Stored items
--- START ---
Lemma integral_weighted_fin_num v : 0 <= v <= delta ->
  (\int[mu]_(x in A) ((f v x)%:E * w x))%E \is a fin_num.
Proof.
move=> /[dup] v_in /andP[v_ge0 _].
rewrite ge0_fin_numE; last first.
  by apply: integral_ge0 => x _; rewrite mule_ge0 ?lee_fin ?f_ge0.
apply: (@le_lt_trans _ _ (\int[mu]_(x in A) (v%:E * ((D x)%:E * w x)))%E).
  apply: ge0_le_integral => //.
  - by move=> x _; rewrite mule_ge0 ?lee_fin ?f_ge0.
  - exact: fw_meas.
  - exact/emeasurable_funM/Dw_meas/measurable_cst.
  move=> x _; rewrite muleA -EFinM lee_wpmul2r // lee_fin mulrC; exact: f_le.
by rewrite ge0_integralZl // lte_mul_pinfty.
Qed.

Let f'_ge0 x : 0 <= f' x.
Proof.
rewrite -(cvg_lim _ (f_ratio x)) //; apply: limr_ge; first by apply/cvg_ex; exists (f' x).
by near=> v; rewrite divr_ge0 ?f_ge0 //; apply: ltW; near: v; exact: nbhs_right_gt.
Unshelve. all: by end_near. Qed.

Let f'_le_D x : f' x <= D x.
Proof.
rewrite -(cvg_lim _ (f_ratio x)) //; apply: limr_le; first by apply/cvg_ex; exists (f' x).
near=> v; have v_gt0 : 0 < v by near: v; exact: nbhs_right_gt.
rewrite ler_pdivrMr // f_le // ltW //=; apply: ltW; near: v; exact: nbhs_right_lt.
Unshelve. all: by end_near. Qed.

Let f'w_meas : measurable_fun A (fun x => (f' x)%:E * w x)%E.
Proof.
apply/emeasurable_funM/w_meas/measurable_EFinP.
apply: measurable_fun_right_ratio_limit => [v /ltW|x _]; first exact: f_meas.
exact: f_ratio.
Qed.

Lemma integral_weighted_limit_fin_num :
  (\int[mu]_(x in A) ((f' x)%:E * w x))%E \is a fin_num.
Proof.
rewrite ge0_fin_numE; last by apply: integral_ge0 => x _; rewrite mule_ge0 ?lee_fin.
apply: le_lt_trans Dw_lty; apply: ge0_le_integral => //.
- by move=> x _; rewrite mule_ge0 ?lee_fin.
- by move=> x _; rewrite lee_wpmul2r // lee_fin.
Qed.

Let ratio_seq_cvg (v : R^nat) : (forall n, 0 < v n <= delta) -> v n @[n --> \oo] --> 0 ->
  fine (\int[mu]_(x in A) ((f (v n) x)%:E * w x))%E / v n @[n --> \oo] -->
  fine (\int[mu]_(x in A) ((f' x)%:E * w x))%E.
Proof.
move=> v_in v_cvg; have v_gt0 n : 0 < v n by have /andP[] := v_in n.
pose h n x := ((f (v n) x / v n)%:E * w x)%E.
have h_meas n : measurable_fun A (h n).
  apply/emeasurable_funM/w_meas/measurable_EFinP.
  exact/measurable_funM/measurable_cst/f_meas/ltW.
have h_cvg : {ae mu, forall x, A x -> h ^~ x @ \oo --> ((f' x)%:E * w x)%E}.
  apply: filterS w_fin => x /[apply] wx_fin.
  rewrite /h -(fineK wx_fin) -EFinM; under eq_fun do rewrite -EFinM.
  apply/fine_cvgP; split; first exact: nearW.
  apply: cvgMr_tmp; apply: (cvg_at_rightP _ _ _).1 (f_ratio x) _ (conj v_gt0 v_cvg).
have Dw_int : mu.-integrable A (fun x => (D x)%:E * w x)%E.
  by apply/integrableP; split=> //; under eq_integral do rewrite gee0_abs //.
have h_le : {ae mu, forall x n, A x -> (`|h n x| <= (D x)%:E * w x)%E}.
  apply: aeW => x n _; have v_ge0 := ltW (v_gt0 n).
  rewrite /h gee0_abs ?mule_ge0 ?lee_fin ?divr_ge0 ?f_ge0 //.
  rewrite lee_wpmul2r // lee_fin ler_pdivrMr // f_le // v_ge0 /=.
  by case/andP: (v_in n).
have [_ _] := dominated_convergence mA h_meas f'w_meas h_cvg Dw_int h_le.
rewrite -(fineK integral_weighted_limit_fin_num).
have h_int n : (\int[mu]_(x in A) h n x = (fine
    (\int[mu]_(x in A) ((f (v n) x)%:E * w x)) / v n)%:E)%E.
  have vn_in : 0 <= v n <= delta by have /andP[/ltW -> ->] := v_in n.
  have vn_ge0 := ltW (v_gt0 n).
  rewrite /h; under eq_integral do rewrite EFinM muleAC muleC.
  rewrite ge0_integralZl ?lee_fin ?invr_ge0 //.
  - by rewrite mulrC EFinM fineK ?integral_weighted_fin_num.
  - exact: fw_meas.
  - by move=> x _; rewrite mule_ge0 ?lee_fin ?f_ge0.
under eq_fun do rewrite h_int.
by move/fine_cvgP => [].
Qed.

Lemma integral_right_ratio_cvg :
  fine (\int[mu]_(x in A) ((f v x)%:E * w x))%E / v @[v --> 0^'+] -->
  fine (\int[mu]_(x in A) ((f' x)%:E * w x))%E.
Proof.
apply/cvg_at_rightP => v [v_gt0 v_cvg].
have [N _ v_le] := cvgr_le _ v_cvg _ delta_gt0.
rewrite -(cvg_shiftn N); apply: ratio_seq_cvg; last by rewrite cvg_shiftn.
by move=> n; rewrite v_gt0 v_le //= leq_addl.
Qed.

End RightRatioLimitUnderIntegral.

Section AtomOfMassOne.
Context {R : realType} {d : measure_display} {X : measurableType d}.
Variables (mu : {measure set X -> \bar R}) (a : X).
Hypotheses (a_meas : measurable [set a]) (a_mass : mu [set a] = 1%E).

Lemma integral_atom (f : X -> \bar R) : (\int[mu]_(x in [set a]) f x = f a)%E.
Proof.
transitivity (\int[mu]_(x in [set a]) cst (f a) x)%E.
  by apply: eq_integral => x /[!inE] ->.
by rewrite integral_cst // a_mass mule1.
Qed.

Lemma ge0_integral_atom_split (f : X -> \bar R) :
  measurable_fun setT f -> (forall x, 0 <= f x)%E ->
  (\int[mu]_x f x = f a + \int[mu]_(x in ~` [set a]) f x)%E.
Proof.
move=> f_meas f_ge0; rewrite -(setUCr [set a]) ge0_integral_setU ?integral_atom //.
- exact: measurableC.
- by rewrite setUCr; exact: f_meas.
- by rewrite /disj_set setICr.
Qed.

End AtomOfMassOne.
End SymplecticSpace.

Section Fourier.
Variables (R : realType) (n : nat).
Local Notation C := R[i].
Local Notation V := (F2n n).
Local Notation N := (#|{: V}|%:R : C).

Lemma natr_card_neq0 : N != 0.
Proof. by rewrite pnatr_eq0 -lt0n; apply/card_gt0P; exists 0. Qed.

Lemma sum_addr (f : V -> C) a : \sum_x f (x + a) = \sum_x f x.
Proof. by rewrite [RHS](reindex_inj (addIr a)). Qed.

Lemma eq_avg (f g : V -> C) : f =1 g -> avg f = avg g.
Proof. by move=> fg; rewrite /avg (eq_bigr _ (fun x _ => fg x)). Qed.

Lemma avg_ge0 (f : V -> C) : (forall x, 0 <= f x) -> 0 <= avg f.
Proof. by move=> f_ge0; rewrite mulr_ge0 ?invr_ge0 ?ler0n ?sumr_ge0. Qed.

Lemma avg_exchange (F : V -> V -> C) :
  avg (fun x => avg (F x)) = avg (fun y => avg (F^~ y)).
Proof. by rewrite /avg -!mulr_sumr exchange_big. Qed.

Lemma avg_addr (f : V -> C) a : avg (fun x => f (x + a)) = avg f.
Proof. by rewrite /avg sum_addr. Qed.

Lemma avgMr (f : V -> C) c : avg (fun x => f x * c) = avg f * c.
Proof. by rewrite /avg -mulr_suml mulrA. Qed.

Lemma avgD (f g : V -> C) : avg (fun x => f x + g x) = avg f + avg g.
Proof. by rewrite /avg big_split mulrDr. Qed.

Lemma avgB (f g : V -> C) : avg (fun x => f x - g x) = avg f - avg g.
Proof. by rewrite /avg sumrB mulrBr. Qed.

Lemma avgZ (f : V -> C) c : avg (fun x => c * f x) = c * avg f.
Proof. by rewrite /avg -mulr_sumr mulrCA. Qed.
Lemma lattice_min_sim_map (mn : R) :
  lattice_min G0 mn -> lattice_min G (al * al * mn).
Proof.
  intros [[y [Hy [Hy0 Ny]]] Hlow].
  assert (Hal2 : 0 < al * al) by nra.
  split.
  - exists (sim_map y). rewrite norm2_sim_map, Ny.
    split; [apply HG; now exists y|]. split; [|reflexivity].
    intros E. pose proof (norm2_pos y Hy0).
    assert (Z0 : norm2 (sim_map y) = 0) by (rewrite E; unfold norm2, dot, origin; simpl; ring).
    rewrite norm2_sim_map in Z0. nra.
  - intros z Hz Hz0. apply HG in Hz. destruct Hz as [x [Hx ->]].
    rewrite norm2_sim_map. apply Rmult_le_compat_l; [lra|]. apply Hlow; auto.
    intros ->. apply Hz0. unfold sim_map, origin; simpl. f_equal; ring.
Qed.

End SimilarityMap.

Lemma wr_angle_similar (G0 G : pt -> Prop) (th : R) :
  wr_angle G0 th -> similar G0 G -> wr_angle G th.
Proof.
  rewrite !wr_angle_iff.
  intros [Hth [o1 [o2 [mn [Hb [Hmn [N1 [N2 Hdot]]]]]]]]
         [al [a [b [c [d [Hal [Hac [Hbd [Habcd HG]]]]]]]]].
  split; [exact Hth|].
  exists (sim_map al a b c d o1), (sim_map al a b c d o2), (al * al * mn).
  rewrite !norm2_sim_map, dot_sim_map, N1, N2, Hdot by assumption.
  refine (conj _ (conj _ (conj eq_refl (conj eq_refl _)))); [| |ring].
  - exact (is_basis_sim_map al a b c d Hac Hbd Habcd Hal G0 G HG o1 o2 Hb).
  - exact (lattice_min_sim_map al a b c d Hac Hbd Habcd Hal G0 G HG mn Hmn).
Qed.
--- END ---
EXERCISE DIRECTIONS: Out of the data above, transcribe exactly and only the lines starting with the line that has "Section Fourier." and going on through the line that has "Proof. by rewrite /avg -mulr_sumr", both included.

ANSWER SECTION:
Section Fourier.
Variables (R : realType) (n : nat).
Local Notation C := R[i].
Local Notation V := (F2n n).
Local Notation N := (#|{: V}|%:R : C).

Lemma natr_card_neq0 : N != 0.
Proof. by rewrite pnatr_eq0 -lt0n; apply/card_gt0P; exists 0. Qed.

Lemma sum_addr (f : V -> C) a : \sum_x f (x + a) = \sum_x f x.
Proof. by rewrite [RHS](reindex_inj (addIr a)). Qed.

Lemma eq_avg (f g : V -> C) : f =1 g -> avg f = avg g.
Proof. by move=> fg; rewrite /avg (eq_bigr _ (fun x _ => fg x)). Qed.

Lemma avg_ge0 (f : V -> C) : (forall x, 0 <= f x) -> 0 <= avg f.
Proof. by move=> f_ge0; rewrite mulr_ge0 ?invr_ge0 ?ler0n ?sumr_ge0. Qed.

Lemma avg_exchange (F : V -> V -> C) :
  avg (fun x => avg (F x)) = avg (fun y => avg (F^~ y)).
Proof. by rewrite /avg -!mulr_sumr exchange_big. Qed.

Lemma avg_addr (f : V -> C) a : avg (fun x => f (x + a)) = avg f.
Proof. by rewrite /avg sum_addr. Qed.

Lemma avgMr (f : V -> C) c : avg (fun x => f x * c) = avg f * c.
Proof. by rewrite /avg -mulr_suml mulrA. Qed.

Lemma avgD (f g : V -> C) : avg (fun x => f x + g x) = avg f + avg g.
Proof. by rewrite /avg big_split mulrDr. Qed.

Lemma avgB (f g : V -> C) : avg (fun x => f x - g x) = avg f - avg g.
Proof. by rewrite /avg sumrB mulrBr. Qed.

Lemma avgZ (f : V -> C) c : avg (fun x => c * f x) = c * avg f.
Proof. by rewrite /avg -mulr_sumr mulrCA. Qed.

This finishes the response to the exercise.